Bulgarian Archaeologists Dig Up Church at Obliterated Medieval Stronghold
A team of Bulgarian archaeologists also including British students has unearthed a 13th church at Cherven – a major medieval fortress during the Second Bulgarian Empire that was destroyed during the Ottoman conquest.
The church in question was built in the 13th century, in the period of the Second Bulgarian Empire (1185-1396 AD). The ruins of the medieval stronghold of Cherven are located near the village of Cherven, 35 km south of the Danube city of Ruse.
According to the team of archaeologist Stoyan Yordanov from the Ruse History Museum, as cited by the Cross agency, it was first destroyed by an earthquake and was then rebuilt shortly after Bulgaria’s conquest by the Ottoman Turkish Empire ca. 1400.
However, the church function only for a few years, and its ruins were then covered with gravel. The archaeologists found a four-line inscription on one of its walls that is yet to be decoded.
The existence of the 13th church in the medieval stronghold of Cherven was first hypothesized in 2010 based on the excavations carried out last summer.
Its discovery comes 15 years after the last known Christian temple at Cherven was discovered.

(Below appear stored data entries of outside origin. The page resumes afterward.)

Lemma inZL_prod (I : Type) (s : seq I) (F : I -> laurent r) :
  (forall i, inZL (F i)) -> inZL (\prod_(i <- s) F i).
Proof.
move=> HF; elim: s => [|i s IH]; last by rewrite big_cons; apply: inZLM.
by rewrite big_nil; apply: inZL1.
Qed.

Lemma inZL_esym (x : 'I_r -> laurent r) :
  (forall m, (0 < m)%N -> inZL (psum x m)) -> forall k, inZL (esym x k).
Proof.
move=> Hp; elim/ltn_ind => -[_|k IH]; first by rewrite esym0; apply: inZL1.
have -> : esym x k.+1 = (k.+1%:R : Qv)^-1 *: (k.+1%:R * esym x k.+1).
  by rewrite mulr_natl -scaler_nat scalerA mulVf ?Qv_natS_neq0 // scale1r.
apply: inZLZ; rewrite newton_esym; apply: inZL_sum => j.
apply: inZLM; last exact: Hp.
apply: inZLM; last by apply/IH/leq_subr.
by apply: inZLX; rewrite -scaleN1r; apply/inZLZ/inZL1.
Qed.

Lemma inZL_esymY k : inZL (esym (@Y n r) k).
Proof. by apply: inZL_esym => m m_gt0; rewrite /inZL -(mulopE (pmE n m)); apply: inZ_p. Qed.

Lemma inZL_esymYinv k : inZL (esym (@Yinv n r) k).
Proof. by apply: inZL_esym => m m_gt0; rewrite /inZL -(mulopE (qmE n m)); apply: inZ_q. Qed.

Lemma inZL_monoL l : inZL (monoL n l).
Proof.
apply: inZLM; first by apply: inZL_prod => i; apply/inZLX/inZL_esymY.
by case: l.2 => k; apply: inZLX; [apply: inZL_esymY | apply: inZL_esymYinv].
Qed.

End Membership.

Lemma mono_inZ n r l : inZ n r (mono n r l).
Proof. by rewrite (mulopE (monoE n l)); apply: inZL_monoL. Qed.

Section MonomialSpan.
Variables n r : nat.
Local Notation Y := (@Y n r).
Local Notation Yinv := (@Yinv n r).
Local Notation sigma_r_powL := (@sigma_r_powL n r).
Local Notation monoL := (@monoL n r).

Lemma esym_Y_Yinv : esym Y r * esym Yinv r = 1.
Proof. by rewrite !esym_full -big_split big1 // => s _; apply: mulYYinv. Qed.

Lemma sigma_r_powL_sub (a b : nat) :
  sigma_r_powL (a%:Z - b%:Z) = esym Y r ^+ a * esym Yinv r ^+ b.
Proof.
have [le_ba|lt_ab] := leqP b a.
  rewrite subzn //= -{2}(subnK le_ba) exprD -mulrA -exprMn esym_Y_Yinv.
  by rewrite expr1n mulr1.
have -> : a%:Z - b%:Z = Negz (b - a).-1.
  by rewrite NegzE prednK ?subn_gt0 // -opprB subzn // ltnW.
rewrite /= prednK ?subn_gt0 // -{2}(subnK (ltnW lt_ab)) exprD mulrCA -exprMn.
by rewrite esym_Y_Yinv expr1n mulr1.
Qed.

Lemma sigma_r_powLD z1 z2 : sigma_r_powL (z1 + z2) = sigma_r_powL z1 * sigma_r_powL z2.
Proof.
have int_sub z : exists a b : nat, z = a%:Z - b%:Z.
  by case: z => k; [exists k, 0%N; rewrite subr0 | exists 0%N, k.+1; rewrite NegzE sub0r].
have [a1 [b1 ->]] := int_sub z1; have [a2 [b2 ->]] := int_sub z2.
have -> : a1%:Z - b1%:Z + (a2%:Z - b2%:Z) = (a1 + a2)%N%:Z - (b1 + b2)%N%:Z.
  by rewrite !PoszD; ring.
by rewrite !sigma_r_powL_sub !exprD; ring.
Qed.

Definition lam_add (l l' : lam r) : lam r := ([ffun i => l.1 i + l'.1 i]%N, l.2 + l'.2).

Lemma monoL_add l l' : monoL (lam_add l l') = monoL l * monoL l'.
Proof.
rewrite /monoL /= sigma_r_powLD mulrACA -big_split /=; congr (_ * _).
by apply: eq_bigr => i _; rewrite ffunE exprD.
Qed.

Inductive mono_span : laurent r -> Prop :=
| mono_span0 : mono_span 0
| mono_span_cons c l a : mono_span a -> mono_span (c *: monoL l + a).

Lemma mono_spanD a b : mono_span a -> mono_span b -> mono_span (a + b).
Proof.
by move=> + Hb; elim => [|c l v _ IH]; rewrite ?add0r // -addrA; apply: mono_span_cons.
Qed.

Lemma mono_spanZ c a : mono_span a -> mono_span (c *: a).
Proof.
elim => [|d l v _ IH]; first by rewrite scaler0; apply: mono_span0.
by rewrite scalerDr scalerA; apply: mono_span_cons.
Qed.

Lemma mono_span_monoL l : mono_span (monoL l).
Proof. by rewrite -[monoL l]addr0 -[monoL l]scale1r; apply/mono_span_cons/mono_span0. Qed.

Lemma mono_span_sum (I : Type) (s : seq I) (F : I -> laurent r) :
  (forall i, mono_span (F i)) -> mono_span (\sum_(i <- s) F i).
Proof.
move=> HF; elim: s => [|i s IH]; first by rewrite big_nil; apply: mono_span0.
by rewrite big_cons; apply: mono_spanD.
Qed.

Lemma mono_spanM a b : mono_span a -> mono_span b -> mono_span (a * b).
Proof.
move=> Ha; elim => [|d l v _ IH]; first by rewrite mulr0; apply: mono_span0.
rewrite mulrDr -scalerAr; apply: mono_spanD => //; apply: mono_spanZ.
elim: Ha => [|c l' w _ IHw]; first by rewrite mul0r; apply: mono_span0.
by rewrite mulrDl -scalerAl -monoL_add; apply: mono_span_cons.
Qed.

Lemma mono_span1 : mono_span 1.
Proof.
rewrite (_ : 1 = monoL ([ffun=> 0%N], 0)); first exact: mono_span_monoL.
by rewrite /monoL /= expr0 mulr1 big1 // => i _; rewrite ffunE expr0.
Qed.

Lemma mono_spanX a k : mono_span a -> mono_span (a ^+ k).
Proof.
move=> Ha; elim: k => [|k IH]; first by rewrite expr0; apply: mono_span1.
by rewrite exprS; apply: mono_spanM.
Qed.

Lemma mono_span_esym_Yinv : mono_span (esym Yinv r).
Proof.
rewrite (_ : esym Yinv r = monoL ([ffun=> 0%N], Negz 0)); first exact: mono_span_monoL.
by rewrite /monoL /= expr1 big1 ?mul1r // => i _; rewrite ffunE expr0.
Qed.

End MonomialSpan.

Lemma sum_scale_cons (K : nzRingType) (V : lmodType K) (T : eqType) (f : T -> V)
    (s : seq T) (c : T -> K) d l : uniq s ->
  exists s' (c' : T -> K), uniq s' /\
    d *: f l + \sum_(i <- s) c i *: f i = \sum_(i <- s') c' i *: f i.
Proof.
move=> uniq_s; have [ls|lNs] := boolP (l \in s).
  exists s, (fun i => if i == l then c l + d else c i); split => //.
  rewrite (bigD1_seq l) //= [RHS](bigD1_seq l) //= eqxx scalerDl addrCA addrA.
  by congr (_ + _); apply: eq_bigr => i /negbTE ->.
exists (l :: s), (fun i => if i == l then d else c i); split; first by rewrite /= lNs.
rewrite big_cons eqxx; congr (_ + _); rewrite !big_seq; apply: eq_bigr => i i_s.
by rewrite ifN //; apply: contraNneq lNs => <-.
Qed.

Lemma mono_span_sum_repr n r (a : laurent r) : mono_span n a ->
  exists (s : seq (lam r)) (c : lam r -> Qv), a = \sum_(l <- s) c l *: monoL n l.
Proof.
(* [s] is kept duplicate-free so that a new term merges into the coefficient function. *)
suff: mono_span n a -> exists s c, uniq s /\ a = \sum_(l <- s) c l *: monoL n l.
  by move=> /[apply] -[s [c [_ ->]]]; exists s, c.
elim => [|c l v _ [s [c' [uniq_s ->]]]]; first by exists [::], (fun _ => 0); rewrite big_nil.
exact: sum_scale_cons.
Qed.

Import mpoly.

Section SymmetricSpan.
Variables n r : nat.
Local Notation R := r.+1.
Local Notation Y := (@Y n R).
Local Notation Yinv := (@Yinv n R).
Local Notation evY := (mmap (in_alg (laurent R)) Y).
(* Here {mpoly Qv[R]} would denote monalg's cmonom-based algebra, not mpoly's type. *)
Local Notation MP := (mpoly.mpoly R Qv).
Local Notation S := [tuple mesym R Qv i.+1 | i < R].

Lemma evYZ c (p : MP) : evY (c *: p) = c *: evY p.
Proof. by rewrite mmapZ mulr_algl. Qed.

Lemma evYX i : evY 'X_i = Y i.
Proof. by rewrite mmapX mmap1U. Qed.

Lemma evY_mesym k : evY (mesym R Qv k) = esym Y k.
Proof.
rewrite /mesym rmorph_sum /=; apply: eq_bigr => h _.
by rewrite rmorph_prod /=; apply: eq_bigr => i _; apply: evYX.
Qed.

Definition lam_of_mnm (m : 'X_{1..R}) : lam R :=
  ([ffun i : 'I_r => m (widen_ord (leqnSn r) i)], Posz (m ord_max)).

Lemma evY_comp_mesymX m : evY ('X_[m] \mPo S) = monoL n (lam_of_mnm m).
Proof.
have -> : evY ('X_[m] \mPo S) = \prod_(i < R) esym Y i.+1 ^+ m i.
  rewrite comp_mpolyX rmorph_prod /=; apply: eq_bigr => i _.
  by rewrite rmorphXn /= tnth_mktuple evY_mesym.
rewrite /monoL /= big_ord_recr /= big_enum /=; congr (_ * _).
by apply: eq_bigr => i _; rewrite ffunE.
Qed.

Lemma mono_span_evY_sym p : p \is symmetric -> mono_span n (evY p).
Proof.
case/sym_fundamental => t [<- _]; rewrite comp_mpolyEX rmorph_sum /=.
apply: mono_span_sum => m; rewrite evYZ evY_comp_mesymX.
exact/mono_spanZ/mono_span_monoL.
Qed.

Lemma msymXi (s : {perm 'I_R}) i : msym s ('X_i : MP) = 'X_(s i).
Proof. by rewrite /msym mmapX mmap1U. Qed.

The medieval town of Cherven used to be a key commercial and military hub between the 12th and the 14th centuries, a major center of the Bulgarian nobility, and the seat of a bishopric. It was conquered by the Ottoman Turkish Empire in 1388 AD, and was later restored as an administrative center by the conquerors but subsequently was abandoned by its remaining inhabitants.
The first excavations at Cherven, which is located on the Rusenski Lom river, 35 km south of the Danube, were carried out in 1910-11 by renowned Bulgarian historian Vasil Zlatarski. The finds at Cherven have been crucial for the study of the life in Bulgaria during the Middle Ages.